(ABOUT THIS EXERCISE)
Find the word "Subsequences" in the listing below, then return every line it appears in.

==============================

(* A word over an alphabet [B] factors as arches [v_1 a_1 ... v_r a_r z], where each
   arch [v a] ends at the first point where all of [B] has appeared and [z] misses a
   letter.  If [r >= n] the word embeds every word of length [n] over [B]; otherwise
   its [~_n]-class is determined by the [~_(n-r+1)]-classes of the [v_i] and the
   [~_(n-r)]-class of [z], all over smaller alphabets.  This yields a set of
   representatives of the [~_n]-classes whose size obeys a recursion in the alphabet
   size; words with distinct residuals lie in distinct classes because [~_n] is a
   right congruence, and the recursion is solved by induction on the alphabet size,
   using AM-GM to bound the contribution of the arches. *)

From mathcomp Require Import all_boot.
From Stdlib Require Import Reals.
(* [Reals] rebinds [_ ^ _] in nat_scope to [Nat.pow]; re-importing [ssrnat]
   restores [expn]. *)
From mathcomp Require Import ssrnat zify.
From Stdlib Require Import Lia Lra Psatz.
Set Implicit Arguments. Unset Strict Implicit. Unset Printing Implicit Defensive.

Section Subsequences.
Variable T : eqType.
Implicit Types s t u v w : seq T.

Lemma subseq_cat_split w u t :
  subseq w (u ++ t) -> exists w1 w2, [/\ w = w1 ++ w2, subseq w1 u & subseq w2 t].
Proof.
elim: u w => [|x u IHu] w /=; first by move=> sub_w; exists [::], w.
case: w => [|y w] /=; first by exists [::], [::]; rewrite !sub0seq.
case: ifP => [/eqP -> | _] /IHu [w1 [w2 [-> sub1 sub2]]].
  by exists (x :: w1), w2; rewrite /= eqxx.
by exists w1, w2; split=> //; apply: subseq_trans sub1 (subseq_cons _ _).
Qed.

Lemma subseq_cat_greedy w v t : subseq w (v ++ t) ->
  exists w1 w2, [/\ w = w1 ++ w2, subseq w1 v, subseq w2 t &
     forall c y, w2 = c :: y -> ~~ subseq (rcons w1 c) v].
Proof.
move=> /subseq_cat_split [w1 [w2 [Ew sub1 sub2]]].
pose good i := [&& i <= size w, subseq (take i w) v & subseq (drop i w) t].
have good_w1 : good (size w1).
  by rewrite /good Ew take_size_cat // drop_size_cat // sub1 sub2 size_cat leq_addr.
have good_le i : good i -> i <= size w by case/and3P.
case: (ex_maxnP (ex_intro good _ good_w1) good_le) => i /and3P [_ sub_take sub_drop] imax.
exists (take i w), (drop i w); split; rewrite ?cat_take_drop // => c y Edrop.
apply/negP => sub_c.
have lt_i : i < size w by rewrite ltnNge; apply/negP => /drop_oversize; rewrite Edrop.
have drop_i := drop_nth c lt_i; rewrite Edrop in drop_i; case: drop_i => nth_i Ey.
suff /imax : good i.+1 by rewrite ltnn.
rewrite /good lt_i (take_nth c lt_i) -nth_i sub_c /= -Ey.
by apply: subseq_trans sub_drop; rewrite Edrop subseq_cons.
Qed.

Lemma subseq_flatten w (ss : seq (seq T)) :
  (forall s, s \in ss -> {subset w <= s}) -> size w <= size ss -> subseq w (flatten ss).
Proof.
elim: w ss => [|c w IHw] [|s ss] //= w_sub size_w; first by rewrite sub0seq.
rewrite -cat1s; apply: cat_subseq.
  by rewrite sub1seq (w_sub s (mem_head _ _)) ?mem_head.
apply: IHw => // s' s'_in x x_in.
by apply: (w_sub s'); rewrite inE ?s'_in ?x_in orbT.
Qed.

Lemma pigeonhole_rel s (R : seq T) (P : T -> T -> Prop) x0 :
  (forall x, x \in s -> exists2 y, y \in R & P x y) ->
  (forall i j y, i < j -> j < size s -> P (nth x0 s i) y -> P (nth x0 s j) y -> False) ->
  size s <= size R.
Proof.
elim: s R => [|x s IHs] R //= s_rel s_inj.
have [y y_in Pxy] := s_rel x (mem_head _ _).
suff : size s <= size (filter (predC1 y) R).
  move/leq_ltn_trans; apply; rewrite size_filter -(count_predC (pred1 y) R).
  rewrite (eq_count (a2 := predC (pred1 y))) // addnC -addn1 leq_add2l -has_count.
  by apply/hasP; exists y => /=.
apply: IHs => [x' x'_in | i j y'].
  have [y' y'_in Py'] := s_rel x' (@mem_behead _ (x :: s) _ x'_in).
  exists y' => //; rewrite mem_filter y'_in andbT; apply/eqP => Ey.
  have [j lt_j Ej] := nthP x0 x'_in.
  by apply: (s_inj 0 j.+1 y); rewrite //= ?Ej -?Ey.
by move=> lt_ij lt_j; apply: (s_inj i.+1 j.+1).
Qed.

End Subsequences.

Section Congruence.
Variables (A : finType) (n : nat).
Implicit Types u v w : seq A.

Lemma sim_n_sym u v : sim_n n u v -> sim_n n v u.
Proof. by move=> sim_uv w size_w; rewrite sim_uv. Qed.

Lemma sim_n_trans u v w : sim_n n u v -> sim_n n v w -> sim_n n u w.
Proof. by move=> sim_uv sim_vw x size_x; rewrite sim_uv // sim_vw. Qed.

Lemma sim_n_catr u v w : sim_n n u v -> sim_n n (u ++ w) (v ++ w).
Proof.
move=> sim_uv x size_x.
suff sub u' v' : sim_n n u' v' -> subseq x (u' ++ w) -> subseq x (v' ++ w).
  by apply/idP/idP; apply: sub => //; apply: sim_n_sym.
move=> sim_uv' /subseq_cat_split [x1 [x2 [Ex sub1 sub2]]].
have size_x1 : size x1 <= n by rewrite (leq_trans _ size_x) // Ex size_cat leq_addr.
by rewrite Ex cat_subseq // -sim_uv'.
Qed.

Lemma sim_n_mem u v x : 0 < n -> sim_n n u v -> x \in u -> x \in v.
Proof. by move=> n_gt0 sim_uv; rewrite -!sub1seq sim_uv. Qed.

End Congruence.

Section Arches.
Variable A : finType.
Implicit Types (B : {set A}) (s t u v w z : seq A).

Definition letters_in B s := all (fun x => x \in B) s.
Definition covers B s := all (fun x => x \in s) (enum B).

Lemma coversP B s x : covers B s -> x \in B -> x \in s.
Proof. by move/allP => cov x_in; apply: cov; rewrite mem_enum. Qed.

Lemma letters_in_subseq B s t : subseq s t -> letters_in B t -> letters_in B s.
Proof. by move=> /mem_subseq sub /allP t_in; apply/allP => x /sub /t_in. Qed.

Lemma letters_in_set0 s : letters_in set0 s -> s = [::].
Proof. by case: s => //= x s; rewrite inE. Qed.

Lemma covers_letters_in B s t : covers B t -> letters_in B s -> {subset s <= t}.
Proof. by move=> cov /allP s_in x /s_in; apply: coversP. Qed.
(* Let $\mathbf{A}\in\mathbb{Z}^{r\times n}$ be a fixed matrix, let $s\ge1$, and let $\mathbf{x}\in\{-1,0,1\}^n$ be random with independent coordinates, where for each $i$, $x_i=0$ with probability $1-\frac{2c}{s}$ and $x_i=1$ or $x_i=-1$ each with probability $\frac{c}{s}$, for a sufficiently small absolute constant $c>0$. Suppose there exist $\mathbf{y}\in\mathbb{R}^r$ and $j\in[n]$ such that $|\mathrm{Frac}((\mathbf{y}^\top\mathbf{A})_j)|^2\ge\frac{1}{s}\|\mathrm{Frac}(\mathbf{y}^\top\mathbf{A})\|_2^2$. Then the mutual information satisfies $I(\mathbf{A}\mathbf{x};x_j)=\Omega\left(\frac{1}{s}\right)$.
   Context: For $x\in\mathbb{R}$, $\mathrm{Frac}(x)=x-\mathrm{int}(x)\in(-\tfrac12,\tfrac12]$, where $\mathrm{int}(x)$ is the integer closest to $x$; for a vector, $\mathrm{Frac}$ is applied coordinatewise. $I(\cdot;\cdot)$ denotes Shannon mutual information. *)

From mathcomp Require Import all_boot all_order all_algebra.
From mathcomp Require Import all_classical all_reals all_analysis.
Set Implicit Arguments. Unset Strict Implicit. Unset Printing Implicit Defensive.
Import Order.TTheory GRing.Theory Num.Theory.
Local Open Scope ring_scope.

Section Defs.
Variable R : realType.

(* Frac x = x - int(x) in (-1/2, 1/2], int(x) the nearest integer
   (ties x = k + 1/2 resolved so that Frac x = 1/2). *)
Definition Frac (x : R) : R := x - (Num.ceil (x - 2^-1))%:~R.

Definition probE (Om : finType) (P : Om -> R) (E : pred Om) : R :=
  \sum_(w | E w) P w.

Definition mutual_info (Om : finType) (T1 T2 : eqType) (P : Om -> R)
    (X : Om -> T1) (Y : Om -> T2) : R :=
  \sum_(a <- undup [seq X w | w <- enum Om])
   \sum_(b <- undup [seq Y w | w <- enum Om])
     let pab := probE P (fun w => (X w == a) && (Y w == b)) in
     if pab == 0 then 0
     else pab * ln (pab / (probE P (fun w => X w == a) *
                           probE P (fun w => Y w == b))).

Definition sgn3 (k : 'I_3) : int := (val k)%:Z - 1.

Definition coord_law (c s : R) (k : 'I_3) : R :=
  if val k == 1%N then 1 - 2 * c / s else c / s.

Definition xlaw (n : nat) (c s : R) (w : {ffun 'I_n -> 'I_3}) : R :=
  \prod_(i < n) coord_law c s (w i).

Definition xvec (n : nat) (w : {ffun 'I_n -> 'I_3}) : 'cV[int]_n :=
  \col_i sgn3 (w i).

Definition yA (r n : nat) (y : 'rV[R]_r) (A : 'M[int]_(r, n)) : 'rV[R]_n :=
  y *m map_mx (fun z : int => z%:~R) A.

End Defs.

From mathcomp Require Import all_boot all_order all_algebra.
From mathcomp Require Import all_classical all_reals all_analysis.
From mathcomp Require Import ring lra.
Set Implicit Arguments. Unset Strict Implicit. Unset Printing Implicit Defensive.
Import Order.TTheory GRing.Theory Num.Theory.
Local Open Scope ring_scope.

(* Write theta = Frac (y^T A), t = theta_j and h = |t| / 2.  Modulo 1,
   y.(A x) - t equals t (x_j - 1) + W with W = sum_(k <> j) theta_k x_k, which
   is independent of x_j, centred, and of variance (2c/s) sum_(k <> j) theta_k^2
   <= 2 c t^2 by the heaviness of j.  So the test "|Frac (y.(A x) - t)| < h"
   fires together with x_j = 1 with probability >= (1 - 8c) c/s (Chebyshev on
   W), but fires at all with probability <= 2c/s + 8c, since for x_j = 0 it
   forces |W| >= h.  The joint event is therefore 16 times likelier than under
   the product of the marginals, and the log-sum inequality on the event and
   its complement turns this into I(A x; x_j) >= c / (4 s). *)

Section Frac.
Variable R : realType.
Implicit Types (x u t : R) (m : int).

Lemma Frac_itv x : - 2^-1 < Frac x <= 2^-1.
Proof.
rewrite /Frac; have /andP[] := ceil_itv (x - 2^-1); rewrite rmorphB /=.
move=> ? ?; apply/andP; split; lra.
Qed.

Lemma FracDz x m : Frac (x + m%:~R) = Frac x.
Proof.
rewrite /Frac [x + m%:~R - 2^-1]addrAC ceilDrz ?intr_int // intrKceil rmorphD /=; lra.
Qed.

Lemma Frac_id_norm x : `|x| + `|Frac x| < 1 -> Frac x = x.
Proof.
rewrite /Frac; set m := Num.ceil _ => small.
suff -> : m = 0 by rewrite subr0.
apply/eqP; apply: contraTT small => m_neq0; rewrite -leNgt.
have := @norm_intr_ge1 _ (m%:~R : R) (intr_int _ _); rewrite intr_eq0 => /(_ m_neq0).
have := ler_normB x (x - m%:~R); rewrite opprB addrC subrK; lra.
Qed.

Lemma Frac_small_id x : `|x| < 2^-1 -> Frac x = x.
Proof.
move=> x_small; apply: Frac_id_norm.
have /andP[? ?] := Frac_itv x.
have : `|Frac x| <= 2^-1 by rewrite ler_norml; apply/andP; split; lra.
lra.
Qed.

Lemma Frac_sub_small t u :
  `|t| <= 2^-1 -> `|Frac (u - t)| < `|t| / 2 -> `|t| / 2 <= `|u|.
Proof.
move=> t_le hF; rewrite leNgt; apply/negP => u_lt.
have ut_le : `|u - t| <= `|u| + `|t| by rewrite ler_normB.
have := ler_normB u (u - t); rewrite opprB addrC subrK => t_le_sum.
have Fid : Frac (u - t) = u - t by apply: Frac_id_norm; lra.
rewrite Fid in hF; lra.
Qed.

Lemma mulmx_intr_Frac n (u : 'rV[R]_n) (z : 'cV[int]_n) :
  exists M : int, (u *m map_mx intr z) 0 0 = \sum_k Frac (u 0 k) * (z k 0)%:~R + M%:~R.
Proof.
exists (\sum_k Num.ceil (u 0 k - 2^-1) * z k 0).
rewrite !mxE rmorph_sum -big_split /=; apply: eq_bigr => k _.
by rewrite mxE /Frac rmorphM /=; ring.
Qed.

End Frac.

Section RelativeEntropy.
Variable R : realType.

Lemma ln_ge1BV (u : R) : 0 < u -> 1 - u^-1 <= ln u.
Proof.
move=> u_gt0; have := @le_ln1Dx R (u^-1 - 1).
rewrite addrCA subrr addr0 lnV ?posrE //.
have := invr_gt0 u; rewrite u_gt0 => ? /(_ _); lra.
Qed.

Definition kl_term (a b : R) : R := if a == 0 then 0 else a * ln (a / b).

==============================

(EXERCISE SOLUTION)
Section Subsequences.
End Subsequences.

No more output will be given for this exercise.